* _Exercise details_:
Copy each line of the records that contains the word "eqType".

** Given records follows **

(* Let $f\ge 1$ and $k\ge 2$ be integers and let there be $n=kf+1$ validators, each maintaining a local DAG as described in the context (Tusk setting). If an honest validator $p_i$ commits a leader vertex $v\in DAG_i[\mathit{round}(w,1)]$ in a wave $w$ (i.e. at least $f+1$ vertices of $DAG_i[\mathit{round}(w,2)]$ have an edge to $v$), then for every honest validator $p_j$, every wave $w'>w$ and every leader vertex $v'$ of wave $w'$ committed by $p_j$ (in particular $v'\in DAG_j[\mathit{round}(w',1)]$; the leader of wave $w'$ is the $\mathit{round}(w',1)$ vertex of an arbitrary validator, selected by a shared coin), there is a path from $v'$ to $v$ in $DAG_j$.
   Context: Setting: $n=kf+1$ validators $p_1,\dots,p_n$, at most $f$ Byzantine, the rest honest. All local DAGs are subsets of one common set of vertices. Each vertex has a round number $r\ge1$ and a source validator; for each validator and round there is at most one vertex (no equivocation), so all local DAGs containing a given validator's vertex for a given round contain the identical vertex with identical edges. Every vertex of round $r\ge2$ has edges to $(k-1)f+1$ vertices of round $r-1$ with distinct sources. Each validator $p_i$ has a local DAG $DAG_i$, closed under edges (if $u\in DAG_i$ then all vertices $u$ has edges to are in $DAG_i$); $DAG_i[r]$ is its set of round-$r$ vertices; a path from $u$ to $v$ is a sequence of contiguous edges from $u$ to $v$. Waves consist of 3 rounds and consecutive waves are pipelined so that round 3 of wave $w$ is round 1 of wave $w+1$: $\mathit{round}(w,j)=2(w-1)+j$ for $j=1,2,3$. A validator $p_i$ commits the leader $v$ of wave $w$ (direct commit rule) if at least $f+1$ vertices of $DAG_i[\mathit{round}(w,2)]$ have an edge to $v$. *)

From mathcomp Require Import all_boot.
Set Implicit Arguments. Unset Strict Implicit. Unset Printing Implicit Defensive.

Definition round_of (w j : nat) : nat := 2 * (w - 1) + j.

(* A vertex x is an edge-target of u iff x \in parents u. *)
Definition commits (V : eqType) (f : nat) (rnd : V -> nat)
    (parents : V -> seq V) (D : pred V) (w : nat) (v : V) : Prop :=
  v \in D /\ rnd v = round_of w 1 /\
  exists S : seq V,
    [/\ uniq S, f.+1 <= size S &
        all (fun x => [&& x \in D, rnd x == round_of w 2 & v \in parents x]) S].

Definition dag_path (V : eqType) (parents : V -> seq V) (D : pred V)
    (u v : V) : Prop :=
  exists p : seq V,
    [/\ path (fun a b => b \in parents a) u p, last u p = v &
        all (fun x => x \in D) (u :: p)].

(* Quorum intersection: the f+1 round-(w,2) vertices voting for a committed
   leader v and the (k-1)f+1 parents of any round-(w,3) vertex have
   kf+2 > n sources in total, hence share a source and, having the same round,
   a vertex, which links every round-(w,3) vertex to v. Every later vertex, in
   particular the leader of a later wave, reaches round (w,3) by descending
   along arbitrary parent edges. *)
From mathcomp Require Import all_boot.
From mathcomp Require Import zify.

Set Implicit Arguments.
Unset Strict Implicit.
Unset Printing Implicit Defensive.

Lemma has_common_of_card_lt (T : finType) (A B : seq T) :
  uniq A -> uniq B -> #|T| < size A + size B -> has (mem A) B.
Proof.
move=> uA uB; apply: contraLR => disjAB.
have uAB : uniq (A ++ B) by rewrite cat_uniq uA uB disjAB.
by rewrite -leqNgt -size_cat -(card_uniqP uAB) max_card.
Qed.

Section Paths.

Variables (V : eqType) (parents : V -> seq V) (D : pred V).

Lemma dag_path_refl v : v \in D -> dag_path parents D v v.
Proof. by move=> vD; exists [::]; rewrite /= vD. Qed.

Lemma dag_path_cons u x v :
  u \in D -> x \in parents u -> dag_path parents D x v ->
  dag_path parents D u v.
Proof.
move=> uD xu [p [px lp allp]].
by exists (x :: p); split; rewrite //= ?xu ?uD.
Qed.

End Paths.

Section Rounds.

Variables (n q : nat) (V : eqType) (rnd : V -> nat) (src : V -> 'I_n).
Variable parents : V -> seq V.

Hypothesis no_equivocation :
  forall u u', src u = src u' -> rnd u = rnd u' -> u = u'.
Hypothesis parents_spec : forall u, 2 <= rnd u ->
  [/\ size (parents u) = q,
      uniq (map src (parents u)) &
      all (fun x => rnd x == (rnd u).-1) (parents u)].

Lemma uniq_src_same_round (S : seq V) r :
  uniq S -> all (fun x => rnd x == r) S -> uniq (map src S).
Proof.
move=> uS /allP rS; rewrite map_inj_in_uniq // => a b aS bS.
by move/no_equivocation; apply; rewrite (eqP (rS a aS)) (eqP (rS b bS)).
Qed.

Lemma parent_in_quorum u (S : seq V) :
  2 <= rnd u -> uniq S -> all (fun x => rnd x == (rnd u).-1) S ->
  n < q + size S -> exists2 x, x \in parents u & x \in S.
Proof.
move=> ru uS rS nlt; have [szP uP /allP rP] := parents_spec ru.
have := has_common_of_card_lt uP (uniq_src_same_round uS rS).
rewrite card_ord !size_map szP => /(_ nlt) /hasP [_ /mapP [y yS ->]].
case/mapP=> x xP /no_equivocation eq_xy.
have rxy : rnd x = rnd y by move/allP/(_ y yS)/eqP: rS => ->; apply/eqP/rP.
by exists x; rewrite // -eq_xy.
Qed.

Lemma exists_parent_prev_round u :
  0 < q -> 2 <= rnd u -> exists2 x, x \in parents u & rnd x = (rnd u).-1.
Proof.
move=> q_gt0 ru; have [szP _ rP] := parents_spec ru; move: q_gt0.
case: (parents u) szP rP => [<- //|x s _ /andP [/eqP rx _] _].
by exists x; rewrite ?mem_head.
Qed.

Variable D : pred V.
Hypothesis D_closed : forall u x, u \in D -> x \in parents u -> x \in D.

Lemma dag_path_round_ge r v :
  0 < q -> 0 < r ->
  (forall u, rnd u = r -> u \in D -> dag_path parents D u v) ->
  forall u, r <= rnd u -> u \in D -> dag_path parents D u v.
Proof.
move=> q_gt0 r_gt0 reach_r u /subnKC; move: (rnd u - r) => d.
elim: d u => [|d IH] u ru uD; first by apply: reach_r uD; rewrite -ru addn0.
have [x xu rx] : exists2 x, x \in parents u & rnd x = (rnd u).-1.
  by apply: exists_parent_prev_round; lia.
apply: dag_path_cons uD xu (IH x _ (D_closed uD xu)); lia.
Qed.

Lemma dag_path_to_committed f (Dc : pred V) w v u :
  1 <= w -> n < q + f.+1 -> commits f rnd parents Dc w v ->
  rnd u = round_of w 3 -> u \in D -> dag_path parents D u v.
Proof.
move=> w_ge1 nlt [_ [_ [S [uS szS /allP votesS]]]] ru uD.
have rS : all (fun x => rnd x == (rnd u).-1) S.
  apply/allP=> x /votesS /and3P [_ /eqP -> _].
  by rewrite ru /round_of; lia.
have ru2 : 2 <= rnd u by rewrite ru /round_of; lia.
have [x xu xS] :=
  parent_in_quorum ru2 uS rS (leq_trans nlt (leq_add (leqnn q) szS)).
have /and3P [_ _ vx] := votesS x xS.
have xD := D_closed uD xu.
apply: dag_path_cons uD xu (dag_path_cons xD vx _).
exact: dag_path_refl (D_closed xD vx).
Qed.

End Rounds.

Theorem lemma3 (f k : nat) (hf : 1 <= f) (hk : 2 <= k)
  (V : eqType) (rnd : V -> nat) (src : V -> 'I_(k * f + 1))
  (parents : V -> seq V) (D : 'I_(k * f + 1) -> pred V)
  (byz : {set 'I_(k * f + 1)}) (Hbyz : #|byz| <= f)
  (Hrnd : forall u, 1 <= rnd u)
  (Hnoequiv : forall u u', src u = src u' -> rnd u = rnd u' -> u = u')
  (Hpar : forall u, 2 <= rnd u ->
     [/\ size (parents u) = (k - 1) * f + 1,
         uniq (map src (parents u)) &
         all (fun x => rnd x == (rnd u).-1) (parents u)])
  (Hclosed : forall i u x, u \in D i -> x \in parents u -> x \in D i)
  (i j : 'I_(k * f + 1)) (Hi : i \notin byz) (Hj : j \notin byz)
  (w w' : nat) (v v' : V) (Hw : 1 <= w) (Hww : w < w')
  (Hc : commits f rnd parents (D i) w v)
  (Hc' : commits f rnd parents (D j) w' v') :
  dag_path parents (D j) v' v.
Proof.
have quorum : k * f + 1 < (k - 1) * f + 1 + f.+1 by nia.
have [v'D [rv' _]] := Hc'.
apply: (dag_path_round_ge Hpar (Hclosed j) (r := round_of w 3)) v'D.
- by rewrite addn1.
- by rewrite /round_of; lia.
- move=> u.
  exact: (dag_path_to_committed Hnoequiv Hpar (Hclosed j) Hw quorum Hc).
- by rewrite rv' /round_of; lia.
Qed.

** End of Given records **

* _Expected answer_:
Definition commits (V : eqType) (f : nat) (rnd : V -> nat)
Definition dag_path (V : eqType) (parents : V -> seq V) (D : pred V)
Variables (V : eqType) (parents : V -> seq V) (D : pred V).
Variables (n q : nat) (V : eqType) (rnd : V -> nat) (src : V -> 'I_n).
  (V : eqType) (rnd : V -> nat) (src : V -> 'I_(k * f + 1))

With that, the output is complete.